Your kernel may be too complex to finish in the time allotted by the watchdog timer simply because it has too much work to do, or (seems more likely here) because it contains a bug that causes execution to “go off into the weeds”.

I would suggest reducing the size of the data operated on by the kernel, and then running under control of cuda-memcheck. Note that the return type of sizeof() is the unsigned 64-bit type size_t. This will introduce slower 64-bit arithmetic into the address computation, and it may cause trouble due to mixed signed/unsigned computation possibly producing integer wrap-around for the index, depending on the type of the other variables involved.

Thanks, that makes a lot of sense. I noticed if I made the problem smaller, it also did not crash anymore.
The target size probably just makes it in time with 128 and not when it has to do the division as well.
Is there a way to increase the time out period? There must be programs which use the kernel for much longer periods than a few seconds.

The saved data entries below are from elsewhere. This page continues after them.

(* Let $0\le c\le a\le 1/2$ and consider the following eight points of $\mathbb{R}^2$: $q_U=(a,3-c)$, $q_D=(a,-1-c)$, $q_{UL}=(-1+c,2+a)$, $q_L=(-1-a,c)$, $q_{LD}=(-1-c,-a)$, $q_{UR}=(2-c,3-a)$, $q_R=(3-a,c)$, $q_{RD}=(2+c,-1+a)$, and let $W$ be the set of these points. Then the segment $[q_U,q_D]$ is a Delaunay edge of $W$, i.e., there exists a circle passing through $q_U$ and $q_D$ such that every other point of $W$ lies outside or on this circle. *)

From mathcomp Require Import all_boot all_order all_algebra.
From mathcomp Require Import reals.
Set Implicit Arguments. Unset Strict Implicit. Unset Printing Implicit Defensive.
Import Order.TTheory GRing.Theory Num.Theory.
Local Open Scope ring_scope.

Definition sqdist (R : realType) (p q : R * R) : R :=
  (p.1 - q.1) ^+ 2 + (p.2 - q.2) ^+ 2.

(* Squared distances are
   compared, which is equivalent since all quantities are nonnegative. *)
Definition delaunay_edge (R : realType) (W : seq (R * R)) (p q : R * R) : Prop :=
  exists (z : R * R) (r : R),
    0 < r /\ sqdist p z = r ^+ 2 /\ sqdist q z = r ^+ 2 /\
    (forall w, w \in W -> w != p -> w != q -> r ^+ 2 <= sqdist w z).

Section Pts.
Variables (R : realType) (a c : R).
Definition qU : R * R := (a, 3 - c).
Definition qD : R * R := (a, -1 - c).
Definition qUL : R * R := (-1 + c, 2 + a).
Definition qL : R * R := (-1 - a, c).
Definition qLD : R * R := (-1 - c, - a).
Definition qUR : R * R := (2 - c, 3 - a).
Definition qR : R * R := (3 - a, c).
Definition qRD : R * R := (2 + c, -1 + a).
Definition W8 : seq (R * R) := [:: qU; qD; qUL; qL; qLD; qUR; qR; qRD].
End Pts.

(* The circle through qU and qD centred at (1 - a, 1 - c) works: for each of
   the six other points, the excess of its squared distance to the centre over
   the squared radius is a nonnegative combination of c, c^2, (a - c)^2,
   a (1 - 2a), (a - c)(1 - (a - c)) and (a - c)(1 - (a + c)), all of which are
   nonnegative when 0 <= c <= a <= 1/2. *)
From mathcomp Require Import all_boot all_order all_algebra.
From mathcomp Require Import reals.
From mathcomp Require Import ring lra.
Set Implicit Arguments. Unset Strict Implicit. Unset Printing Implicit Defensive.
Import Order.TTheory GRing.Theory Num.Theory.
Local Open Scope ring_scope.

Lemma delaunay_edge_center (R : realType) (W : seq (R * R)) (p q z : R * R) :
  0 < sqdist p z -> sqdist q z = sqdist p z ->
  (forall w, w \in W -> w != p -> w != q -> sqdist p z <= sqdist w z) ->
  delaunay_edge W p q.
Proof.
move=> pz_gt0 qz_eq outside.
exists z, (Num.sqrt (sqdist p z)).
rewrite sqr_sqrtr ?ltW // sqrtr_gt0.
by split; last split; last split.
Qed.

Section EdgeqUqD.
Variables (R : realType) (a c : R).

Definition edge_center : R * R := (1 - a, 1 - c).
Definition edge_sqradius : R := (2 * a - 1) ^+ 2 + 4.

Lemma edge_sqradius_gt0 : 0 < edge_sqradius.
Proof. by rewrite ltr_wpDl ?sqr_ge0. Qed.

Lemma sqdist_qU_edge_center :
  sqdist (qU a c) edge_center = edge_sqradius.
Proof. by rewrite /sqdist /edge_sqradius /=; ring. Qed.

Lemma sqdist_qD_edge_center :
  sqdist (qD a c) edge_center = edge_sqradius.
Proof. by rewrite /sqdist /edge_sqradius /=; ring. Qed.

Lemma W8_outside_edge_circle :
  0 <= c -> c <= a -> a <= 1 / 2 ->
  forall w, w \in W8 a c -> w != qU a c -> w != qD a c ->
  edge_sqradius <= sqdist w edge_center.
Proof.
move=> c_ge0 c_le_a a_le_half.
have amc_1mamc_ge0 : 0 <= (a - c) * (1 - (a - c)) by apply: mulr_ge0; lra.
have amc_1mapc_ge0 : 0 <= (a - c) * (1 - (a + c)) by apply: mulr_ge0; lra.
have a_1m2a_ge0 : 0 <= a * (1 - 2 * a) by apply: mulr_ge0; lra.
have sqr_c_ge0 : 0 <= c ^+ 2 by rewrite sqr_ge0.
have sqr_amc_ge0 : 0 <= (a - c) ^+ 2 by rewrite sqr_ge0.
move=> w; rewrite !inE => + nU nD.
rewrite (negbTE nU) (negbTE nD) /= /edge_sqradius.
do 5 (case/orP => [/eqP->|]; first by rewrite /sqdist /=; lra).
by move/eqP->; rewrite /sqdist /=; lra.
Qed.

End EdgeqUqD.

Theorem mainTheorem7 (R : realType) (a c : R) :
  0 <= c -> c <= a -> a <= 1 / 2 ->
  delaunay_edge (W8 a c) (qU a c) (qD a c).
Proof.
move=> c_ge0 c_le_a a_le_half.
apply: (delaunay_edge_center (z := edge_center a c)).
- by rewrite sqdist_qU_edge_center edge_sqradius_gt0.
- by rewrite sqdist_qU_edge_center sqdist_qD_edge_center.
- by rewrite sqdist_qU_edge_center; exact: W8_outside_edge_circle.
Qed.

There’s a pinned posting at the top of this forum that you are now posting in, which describes this:

https://devtalk.nvidia.com/default/topic/459869/cuda-programming-and-performance/-quot-display-driver-stopped-responding-and-has-recovered-quot-wddm-timeout-detection-and-recovery-/

Thanks, increasing the wait time in the registry indeed fixed the problem.
Still a bit annoying that while I run my simulations, my whole 4 core cpu is dead, I can not do some browsing during the gpu operation and have to wait until it is finished.

Since CUDA kernel launches are asynchronous, unless you use synchronization calls that cause busy waiting for the CPU, the full processing power of the CPU is in fact available while the GPU kernel is running.

However, because the GPU is completely taken up by the CUDA kernel, the GUI is frozen because GUI updates also require the GPU, which is unavailable for graphics while the CUDA kernel is running.

A straightforward workaround is to acquire a cheap low-end GPU (for example, I have used a Quadro 600 in the past for this purpose, but there are likely cheaper options than that) and use that to drive the display, while the expensive high-performance GPU remains reserved for CUDA apps.

Getting back to your original question, given that the code seems to be bug free and merely affected by time-out, try pre-computing the stride at the start of the kernel:

const int stride = d_cholp / (int)sizeof(float);

Then later use the stride in the index computation:

tmp2 = _chol_[ cb + i*stride + j ] ; //cb=cluster i=row, j=column

That way you are avoiding the magic constant, while retaining good performance.

I never had the problem before when I had 2 graphics cards indeed. Unfortunately sold them both when I got the TitanX.
I would expect the optimizer to take the division out of the loop, but I had switched off all optimizations to debug this problem. Still better perhaps to write it optimized, just in case.